That one at least did not go in a loop.

On July 12th, I see the same pattern of four ssh connections in a row spreads every five minutes. The first one being at 2023-07-12T22:20:15 UTC and the requests were for https://gerrit.wikimedia.org/r/c/labs/tools/wikibugs2/+/937538.

That is all I got :/

The long term fix would be to phase out the bot and migrate the logic toward the reviewers plugin ( https://gerrit.wikimedia.org/r/plugins/reviewers/Documentation/config.md ).
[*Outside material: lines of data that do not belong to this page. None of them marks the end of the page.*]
Lemma is_tensor_prod : is_tensor J b1 -> is_tensor J b2 ->
  is_tensor J (fun a (x : L1 * L2) => (b1 a x.1, b2 a x.2) : P1 * P2).
Proof.
move=> [[b1Dl b1Dr] univ1] [[b2Dl b2Dr] univ2].
split=> [|N h [hDl hDr]].
  split=> [a b x Ja Jb | a x y Ja] /=; first by rewrite b1Dl // b2Dl.
  by rewrite b1Dr // b2Dr.
have h1 : biadditive J (fun a (u : L1) => h a (u, 0)).
  by split=> [a b x Ja Jb | a x y Ja]; rewrite ?hDl // -hDr // pairD addr0.
have h2 : biadditive J (fun a (u : L2) => h a (0, u)).
  by split=> [a b x Ja Jb | a x y Ja]; rewrite ?hDl // -hDr // pairD addr0.
have [[phi1 [phi1_add phi1E]] uniq1] := univ1 N _ h1.
have [[phi2 [phi2_add phi2E]] uniq2] := univ2 N _ h2.
split.
  exists (fun p => phi1 p.1 + phi2 p.2); split=> [x y | a [x1 x2] Ja] /=.
    by rewrite phi1_add phi2_add addrACA.
  by rewrite phi1E // phi2E // -hDr // pairD addr0 add0r.
move=> psi1 psi2 psi1_add psi2_add eq_psi [y1 y2].
have -> : (y1, y2) = (y1, 0) + (0, y2) by rewrite pairD addr0 add0r.
rewrite psi1_add psi2_add; congr (_ + _).
- apply: (uniq1 (fun u => psi1 (u, 0)) (fun u => psi2 (u, 0))).
  + by move=> u u'; rewrite -psi1_add pairD addr0.
  + by move=> u u'; rewrite -psi2_add pairD addr0.
  + move=> a x Ja; have := eq_psi a (x, 0) Ja.
    by rewrite /= (additive_map0 (fun u u' => b2Dr a u u' Ja)).
- apply: (uniq2 (fun u => psi1 (0, u)) (fun u => psi2 (0, u))).
  + by move=> u u'; rewrite -psi1_add pairD addr0.
  + by move=> u u'; rewrite -psi2_add pairD addr0.
  + move=> a x Ja; have := eq_psi a (0, x) Ja.
    by rewrite /= (additive_map0 (fun u u' => b1Dr a u u' Ja)).
Qed.
End TensorProd.

Section DirectSum.
Variables (A : pzRingType) (I : A -> Prop) (M1 M2 : promod A).

Definition sum_promod : promod A :=
  @Promod A (fun m => (pobj M1 m * pobj M2 m)%type)
    (fun k m x => (lam M1 k m x.1, lam M2 k m x.2))
    (fun m a x => (act M1 m a x.1, act M2 m a x.2)).

Lemma is_promod_sum : is_promod I M1 -> is_promod I M2 -> is_promod I sum_promod.
Proof.
move=> hM1 hM2; split=> /=.
- by move=> k m m_gt0 mk x y; rewrite (lam_additive hM1 m_gt0 mk) (lam_additive hM2 m_gt0 mk).
- by move=> m [x1 x2] m_gt0; rewrite (lam_id hM1) ?(lam_id hM2).
- by move=> l k m [x1 x2] m_gt0 mk kl; rewrite (lam_comp hM1) ?(lam_comp hM2).
- move=> m a b x y m_gt0 Ia Ib; split.
  + by rewrite (act_additive hM1 m_gt0 Ia) (act_additive hM2 m_gt0 Ia).
  + by rewrite (actDl hM1) // (actDl hM2).
  + by rewrite (actM hM1) // (actM hM2).
- by move=> k m a x m_gt0 mk Ia; rewrite (lam_act hM1) // (lam_act hM2).
Qed.

Variables (S1 : pfstruct M1) (S2 : pfstruct M2).

Definition sum_pf : pfstruct sum_promod :=
  @PFStruct A sum_promod (fun m => (pfL S1 m * pfL S2 m)%type)
    (fun m a x => (beta S1 m a x.1, beta S2 m a x.2))
    (fun k m x => (sigma S1 k m x.1, sigma S2 k m x.2)).

Lemma is_pfstruct_sum : is_pfstruct I S1 -> is_pfstruct I S2 -> is_pfstruct I sum_pf.
Proof.
move=> hS1 hS2 m m_gt0.
have [free1 tensor1 act1 sigma1 lam1] := hS1 m m_gt0.
have [free2 tensor2 act2 sigma2 lam2] := hS2 m m_gt0.
split=> /=.
- exact: free_abelian_prod.
- exact: is_tensor_prod.
- by move=> a b x Ia Ib; rewrite act1 // act2.
- by move=> k mk x y; rewrite sigma1 // sigma2.
- by move=> k a x mk Ia; rewrite lam1 // lam2.
Qed.
End DirectSum.

Lemma eq_special (A : pzRingType) (I : A -> Prop) (M N : promod A) (S : pfstruct M)
    (f f' : forall m, pobj M m -> pobj N m) :
  special I S f -> (forall m x, (0 < m)%N -> f m x = f' m x) -> special I S f'.
Proof.
move=> [g [g_add g_lam g_beta]] eq_f; exists g; split=> // m a x m_gt0 Ia.
by rewrite -eq_f // g_beta.
Qed.

Section Homomorphisms.
Variables (A : pzRingType) (I : A -> Prop) (M N Q : promod A).

Lemma is_homD (f g : forall m, pobj M m -> pobj N m) : is_promod I N ->
  is_hom I f -> is_hom I g -> is_hom I (fun m x => f m x + g m x).
Proof.
move=> hN [fD f_act f_lam] [gD g_act g_lam]; split.
- by move=> m m_gt0 x y; rewrite fD // gD // addrACA.
- by move=> m a x m_gt0 Ia; rewrite f_act // g_act // (act_additive hN m_gt0 Ia).
- by move=> k m x m_gt0 mk; rewrite (lam_additive hN m_gt0 mk) f_lam // g_lam.
Qed.

Lemma is_homN (f : forall m, pobj M m -> pobj N m) : is_promod I N ->
  is_hom I f -> is_hom I (fun m x => - f m x).
Proof.
move=> hN [fD f_act f_lam]; split.
- by move=> m m_gt0 x y; rewrite fD // opprD.
- by move=> m a x m_gt0 Ia; rewrite f_act // (additive_mapN (act_additive hN m_gt0 Ia)).
- by move=> k m x m_gt0 mk; rewrite (additive_mapN (lam_additive hN m_gt0 mk)) f_lam.
Qed.

Lemma is_homMn (f : forall m, pobj M m -> pobj N m) n : is_promod I N ->
  is_hom I f -> is_hom I (fun m x => f m x *+ n).
Proof.
move=> hN [fD f_act f_lam]; split.
- by move=> m m_gt0 x y; rewrite fD // mulrnDl.
- by move=> m a x m_gt0 Ia; rewrite f_act // (additive_mapMn (act_additive hN m_gt0 Ia)).
- by move=> k m x m_gt0 mk; rewrite (additive_mapMn (lam_additive hN m_gt0 mk)) f_lam.
Qed.

Lemma is_hom_comp (f : forall m, pobj M m -> pobj N m) (g : forall m, pobj N m -> pobj Q m) :
  is_hom I f -> is_hom I g -> is_hom I (fun m x => g m (f m x)).
Proof.
move=> [fD f_act f_lam] [gD g_act g_lam]; split.
- by move=> m m_gt0 x y; rewrite fD // gD.
- by move=> m a x m_gt0 Ia; rewrite f_act // g_act.
- by move=> k m x m_gt0 mk; rewrite g_lam // f_lam.
Qed.

Lemma is_hom_id : is_hom I (fun m (x : pobj M m) => x).
Proof. by []. Qed.

Lemma is_hom_fst : is_hom I (M := sum_promod M N) (fun m x => x.1).
Proof. by []. Qed.

Lemma is_hom_snd : is_hom I (M := sum_promod M N) (fun m x => x.2).
Proof. by []. Qed.

Lemma is_hom_inl : is_promod I N -> is_hom I (N := sum_promod M N) (fun m x => (x, 0)).
Proof.
move=> hN; split=> [m m_gt0 x y | m a x m_gt0 Ia | k m x m_gt0 mk] /=.
- by rewrite pairD addr0.
- by rewrite (additive_map0 (act_additive hN m_gt0 Ia)).
- by rewrite (additive_map0 (lam_additive hN m_gt0 mk)).
Qed.

Lemma is_hom_inr : is_promod I M -> is_hom I (N := sum_promod M N) (fun m y => (0, y)).
Proof.
move=> hM; split=> [m m_gt0 x y | m a x m_gt0 Ia | k m x m_gt0 mk] /=.
- by rewrite pairD addr0.
- by rewrite (additive_map0 (act_additive hM m_gt0 Ia)).
- by rewrite (additive_map0 (lam_additive hM m_gt0 mk)).
Qed.
End Homomorphisms.

Arguments is_hom_id {A I M}.
Arguments is_hom_fst {A I M N}.
Arguments is_hom_snd {A I M N}.
Arguments is_hom_inl {A I M N}.
Arguments is_hom_inr {A I M N}.

Section Resolution.
Variables (A : pzRingType) (I : A -> Prop) (n : nat).
Hypothesis hI : two_sided_ideal I.

Record stage := Stage {
  stage_tgt : promod A;
  stage_src : promod A;
  stage_d : forall m, pobj stage_src m -> pobj stage_tgt m;
  stage_chi : forall m, pobj stage_src m -> pobj stage_src m;
  stage_pf : pfstruct stage_src }.
Arguments stage_d : clear implicits.
Arguments stage_chi : clear implicits.

Record stage_ok (s : stage) : Prop := StageOk {
  is_promod_tgt : is_promod I (stage_tgt s);
  is_promod_src : is_promod I (stage_src s);
  is_hom_d : is_hom I (stage_d s);
  is_hom_chi : is_hom I (stage_chi s);
  is_pfstruct_stage : is_pfstruct I (stage_pf s);
  d_chi : forall m x, (0 < m)%N -> stage_d s m (stage_chi s m x) = 0;
  chi_cycle : forall m x, (0 < m)%N -> stage_d s m x = 0 -> stage_chi s m x = x *+ n }.

(* [d m 0 = 0] is only known for [m > 0]: cycles are cut out by [d x = d 0],
   which contains 0 at every level, and [ker_tr] falls back to 0 at the junk
   level [m = 0], where transition maps need not preserve cycles. *)
Definition ker (s : stage) m := {x : pobj (stage_src s) m | stage_d s m x = stage_d s m 0}.

Definition ker_tr (s : stage) k m (x : ker s k) : ker s m :=
  match pselect (stage_d s m (lam (stage_src s) k m (sval x)) = stage_d s m 0) with
  | left dx0 => exist _ _ dx0
  | right _ => exist _ 0 erefl
  end.

Definition ker_incl (s : stage) m (x : ker s m) : pobj (stage_src s) m := sval x.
I am not sure whether the feature set match though, if so the migration might not be that complicated:

  • Parse the Wiki page
  • Generate reviewers.config files to be uploaded to the projects refs/meta/config
  • Write end user documentation explaining how to edit it (it is in repo settingsCommandsReviewers Config (example for mediawiki/core) but that requires to be an owner of the repo and there is no GUI to propose a modification.

I guess we can mark this solved for now since the root cause got found?

hashar assigned this task to valhallasw.

Marking that one closed since the source of the issue has been found (wrong entry) and worked around (remove the wrong entry).

The long term fix would be convert Git/Reviewers entries to Gerrit reviewers.config and let the bot retired peacefully :]